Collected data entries

****************************************

Lemma quadform_ge_min_eigenvalue H Lam d : H^T = H -> min_eigenvalue H Lam ->
  Lam * sqnorm2 d <= quadform H d.
Proof.
(* A minimiser v of the form on the unit sphere is an eigenvector for the
   minimum m: the form of H - m I is nonnegative and vanishes at v. *)
move=> HT [_ Lam_min]; have [->|d0] := eqVneq d 0.
  by rewrite quadform0 sqnorm2_0 mulr0.
have [v v1 vmin] := quadform_sphere_min H (sqnorm2_normalize d0).
set m := quadform H v; have m_le := quadform_ge_sphere_min vmin.
have Apsd : psd (H + (- m)%:M).
  by move=> w; rewrite quadformD_scalar mulNr subr_ge0.
have /psd_quadform_eq0 : quadform (H + (- m)%:M) v = 0.
  by rewrite quadformD_scalar v1 mulr1 subrr.
rewrite linearD /= tr_scalar_mx HT => /(_ erefl Apsd).
rewrite mulmxDr mul_mx_scalar scaleNr => /eqP; rewrite addr_eq0 opprK => /eqP vH.
have : eigenvalue H m.
  by apply/eigenvalueP; exists v; rewrite // -sqnorm2_eq0 v1 oner_neq0.
move=> /Lam_min Lm; apply: le_trans (m_le d).
by rewrite ler_wpM2r // sqnorm2_ge0.
Qed.
End Rayleigh.

Section DirectionalDerivatives.
Variables (R : realType) (V : normedModType R).
Implicit Types (f : V -> R) (x v : V).

Lemma is_derive_quadratic_line f x v (a b : R) :
  (forall h : R, f (h *: v + x) = f x + h * a + h ^+ 2 * b) -> is_derive x v f a.
Proof.
move=> fE.
have quotient_cvg : (fun h : R => h^-1 *: ((f \o shift x) (h *: v) - f x)) @ 0^' --> a.
  apply: (@cvg_trans _ ((fun h : R => a + h * b) @ 0^')).
    apply: near_eq_cvg; near=> h.
    have h0 : h != 0 by near: h; exact: nbhs_dnbhs_neq.
    by rewrite /= fE /GRing.scale /=; field.
  apply: (@cvg_trans _ ((fun h : R => a + h * b) @ nbhs (0 : R))).
    exact: cvg_app (@nbhs_dnbhs _ 0).
  have : (fun h : R => a + h * b) @ nbhs (0 : R) --> a + 0 * b.
    by apply: cvgD; [exact: cvg_cst | apply: cvgM; [exact: cvg_id | exact: cvg_cst]].
  by rewrite mul0r addr0.
apply: DeriveDef; first by apply/cvg_ex; exists a.
exact: cvg_lim quotient_cvg.
Unshelve. all: by end_near. Qed.

Lemma derive_along_line f x v : 'D_v f x = 'D_1 (fun h : R => f (h *: v + x)) 0.
Proof.
rewrite /derive; congr (lim (_ @ 0^')); apply/funext => h /=.
by rewrite addr0 scale0r add0r [_%:A]mulr1.
Qed.

Lemma derive_at_min f x v : (forall y, derivable f y v) -> (forall y, f x <= f y) ->
  'D_v f x = 0.
Proof.
move=> df fmin; rewrite derive_along_line.
suff : is_derive (0 : R) 1 (fun h : R => f (h *: v + x)) 0 by case.
apply: (@derive1_at_min _ _ (-1) 1) => [|t _||t _]; first lra.
- apply/derivable1P; have /derivable1P := df (t *: v + x).
  suff -> : (fun h : R => f ((h%:A + t) *: v + x))
            = (fun h => f (h *: v + (t *: v + x))) by [].
  by apply/funext => h; rewrite [_%:A]mulr1 scalerDl addrA.
- by rewrite in_itv /= ltrN10 ltr01.
- by rewrite scale0r add0r.
Qed.

End DirectionalDerivatives.

Section Gradients.
Variables (R : realType) (p : nat).
Implicit Types (f : 'rV[R]_p -> R) (th v : 'rV[R]_p).
Variable th0 : 'rV[R]_p.

Lemma is_derive_sqnorm2_shift th v :
  is_derive th v (fun t => sqnorm2 (t - th0)) (2 * dotp v (th - th0)).
Proof. by apply: is_derive_quadratic_line => h; rewrite -addrA sqnorm2_line. Qed.

Lemma is_derive_coord_shift th v (c : R) (j : 'I_p) :
  is_derive th v (fun t => c * (t - th0) 0 j) (c * v 0 j).
Proof.
by apply: (@is_derive_quadratic_line _ _ _ _ _ _ 0) => h; rewrite !mxE; ring.
Qed.

Lemma gradient_at_min f th : (forall i y, derivable f y (@unitvec R p i)) ->
  is_minimizer f th -> gradient f th = 0.
Proof. by move=> df fmin; apply/rowP => i; rewrite !mxE; exact: derive_at_min. Qed.
Theorem mainTheorem5 (n : nat) (hn : 3 <= n)
    (H G : cdata) (hH : is_rcc n H) (hG : is_rcc n G)
    (E : cdata) (p : cmap E H) (f : cmap E G)
    (alpha : CC H n -> CC E n.-1) (beta : CC G n -> CC E n.-1)
    (hB : butterfly n H G E p f alpha beta)
    (Q : cdata) (q : cmap Q H)
    (hQ : is_rcc n Q) (hQc : cofibrant n Q) (hq : trivial_fibration n Q H q) :
  exists l : cmap Q (Estar n H G E p f alpha beta),
    weak_equiv n Q (Estar n H G E p f alpha beta) l /\
    (forall k, 1 <= k <= n -> forall x : CC Q k,
        pstar n H G E p f alpha beta k (l k x) = q k x).
Proof.
case: n hn hH hG alpha beta hB hQ hQc hq => [|[|m]] // hn hH hG alpha beta hB _ hQc hq.
have hm : 1 <= m by lia.
have hX := Estar_rcc hm hH hG hB.
have hps := pstar_trivial_fibration hm hH hG hB.
have [[hqm _] [_ hqpi]] := hq.
have [l [hlm hlq]] := hQc _ _ hX hH _ hps q hqm.
have [[hpm _] [_ hppi]] := hps.
exists l; split=> //; split=> //.
exact: (pi_iso_two_of_three _ hX hlm hpm hppi hqpi hlq).
Qed.
Lemma PDcopula_diag_near1 lam a : 0 < a < 1 ->
  at_left 1 (fun u => 0 < u < 1 /\ a <= PDcopula lam u u < 1 /\
                      phiR lam (PDcopula lam u u) = 2 * phiR lam u).
Proof.
  intros Ha.
  assert (Hbound : exists r, 0 < r /\ forall t, t < r -> Rbar_lt t (phi lam 0)).
  { pose proof (phi_at0_pos lam) as H. destruct (phi lam 0) as [r | |]; simpl in H.
    - exists r. split; [exact H | intros t Ht; exact Ht].
    - exists 1. split; [lra | intros; exact I].
    - contradiction. }
  destruct Hbound as [r [Hr Hlt]].
  pose proof (phiR_pos lam a Ha) as Hpa.
  assert (Hcont := phiR_continuous lam 1 Rlt_0_1).
  apply continuity_pt_filterlim in Hcont. rewrite filterlim_locally, phiR_1 in Hcont.
  destruct (Hcont (mkposreal _ (Rdiv_lt_0_compat _ _ (Rmin_pos _ _ Hpa Hr) Rlt_0_2))) as [d Hd].
  exists (mkposreal _ (Rmin_pos _ _ (cond_pos d) Rlt_0_1)). intros u Hball Hu1.
  rewrite ball_Rabs, Rabs_left in Hball by lra. simpl in Hball.
  pose proof (Rmin_l d 1). pose proof (Rmin_r d 1).
  assert (Hsmall : phiR lam u < Rmin (phiR lam a) r / 2).
  { assert (Hdu : ball 0 (Rmin (phiR lam a) r / 2) (phiR lam u)).
    { apply Hd, ball_Rabs. rewrite Rabs_left; lra. }
    rewrite ball_Rabs, Rminus_0_r in Hdu. apply Rabs_lt_between in Hdu. lra. }
  pose proof (Rmin_l (phiR lam a) r). pose proof (Rmin_r (phiR lam a) r).
  assert (Hu : 0 < u < 1) by lra.
  pose proof (phiR_pos lam u Hu).
  destruct (PDcopula_diag_spec lam a u) as [Hc Ec]; [lra | exact Hu | lra | apply Hlt; lra |].
  split; [exact Hu | split; assumption].
Qed.

Lemma PDcopula_diag_to1 lam : filterlim (fun u => PDcopula lam u u) (at_left 1) (at_left 1).
Proof.
  intros P [d Hd]. set (a := Rmax (1 / 2) (1 - d / 2)).
  assert (Ha : 0 < a < 1).
  { unfold a. pose proof (Rmax_l (1 / 2) (1 - d / 2)). pose proof (cond_pos d).
    split; [lra | apply Rmax_lub_lt; lra]. }
  change (at_left 1 (fun u => P (PDcopula lam u u))).
  generalize (PDcopula_diag_near1 lam a Ha). apply filter_imp. intros u [_ [Hc _]].
  pose proof (Rmax_r (1 / 2) (1 - d / 2)).
  apply Hd; [apply ball_Rabs; rewrite Rabs_left; unfold a in Hc; lra | lra].
Qed.

Lemma PDcopula_diag_slope_at1 lam :
  filterlim (fun u => (1 - PDcopula lam u u) / (1 - u)) (at_left 1) (locally (sqrt 2)).
Proof.
  set (Q y := phiR lam y / ((1 - y) ^ 2 / 2)).
  assert (Hsq : filterlim (fun u => 2 * Q u * / Q (PDcopula lam u u)) (at_left 1) (locally 2)).
  { replace (locally 2) with (locally (2 * 1 * / 1)) by (f_equal; field).
    apply filterlim_Rmult; [apply filterlim_Rmult; [apply filterlim_const |] |].
    { apply phiR_ratio_at1. }
    apply (filterlim_continuity_pt (fun x => / x));
      [exact (continuity_pt_inv _ _ (continuity_pt_id 1) R1_neq_R0) |].
    exact (filterlim_comp _ _ _ _ Q _ _ _ (PDcopula_diag_to1 lam) (phiR_ratio_at1 lam)). }
  apply (filterlim_ext_loc (fun u => sqrt (2 * Q u * / Q (PDcopula lam u u)))).
  - generalize (PDcopula_diag_near1 lam (1 / 2) ltac:(lra)). apply filter_imp.
    intros u [Hu [Hc Ec]]. pose proof (phiR_pos lam u Hu).
    replace (2 * Q u * / Q (PDcopula lam u u)) with (Rsqr ((1 - PDcopula lam u u) / (1 - u))).
    + apply sqrt_Rsqr, Rmult_le_pos; [lra | apply Rlt_le, Rinv_0_lt_compat; lra].
    + unfold Q. rewrite Ec. unfold Rsqr. field. repeat split; lra.
  - apply (filterlim_continuity_pt sqrt); [apply continuity_pt_sqrt; lra | exact Hsq].
Qed.

Lemma upper_tail lam : filterlim (upper_cond lam) (at_left 1) (locally (2 - sqrt 2)).
Proof.
  apply (filterlim_ext_loc (fun u => 2 - (1 - PDcopula lam u u) / (1 - u))).
  - apply at_left_1_intro. intros u Hu. unfold upper_cond. field. lra.
  - apply (filterlim_continuity_pt (fun x => 2 - x)); [| apply PDcopula_diag_slope_at1].
    exact (continuity_pt_minus _ _ _ (continuity_pt_const (fun _ => 2) _ (fun _ _ => eq_refl))
                               (continuity_pt_id _)).
Qed.

Theorem theorem4 :
  forall lam : R,
    (lam < -1 ->
       filterlim (lower_cond lam) (at_right 0) (locally (Rpower 2 (1 / (lam + 1))))) /\
    (-1 <= lam ->
       filterlim (lower_cond lam) (at_right 0) (locally 0)) /\
    filterlim (upper_cond lam) (at_left 1) (locally (2 - sqrt 2)).
Proof.
  intros lam. split; [| split].
  - apply lower_tail_heavy.
  - intros Hl. destruct (Req_dec lam (-1)) as [-> | Hl1].
    + exact lower_tail_m1.
    + apply lower_tail_light. lra.
  - apply upper_tail.
Qed.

****************************************

> **What is needed**
Starting from the top of the records and ending at the line that contains "(* A minimiser", repeat each line exactly and return only those lines.

> **Completed exercise**
Lemma quadform_ge_min_eigenvalue H Lam d : H^T = H -> min_eigenvalue H Lam ->
  Lam * sqnorm2 d <= quadform H d.
Proof.
(* A minimiser v of the form on the unit sphere is an eigenvector for the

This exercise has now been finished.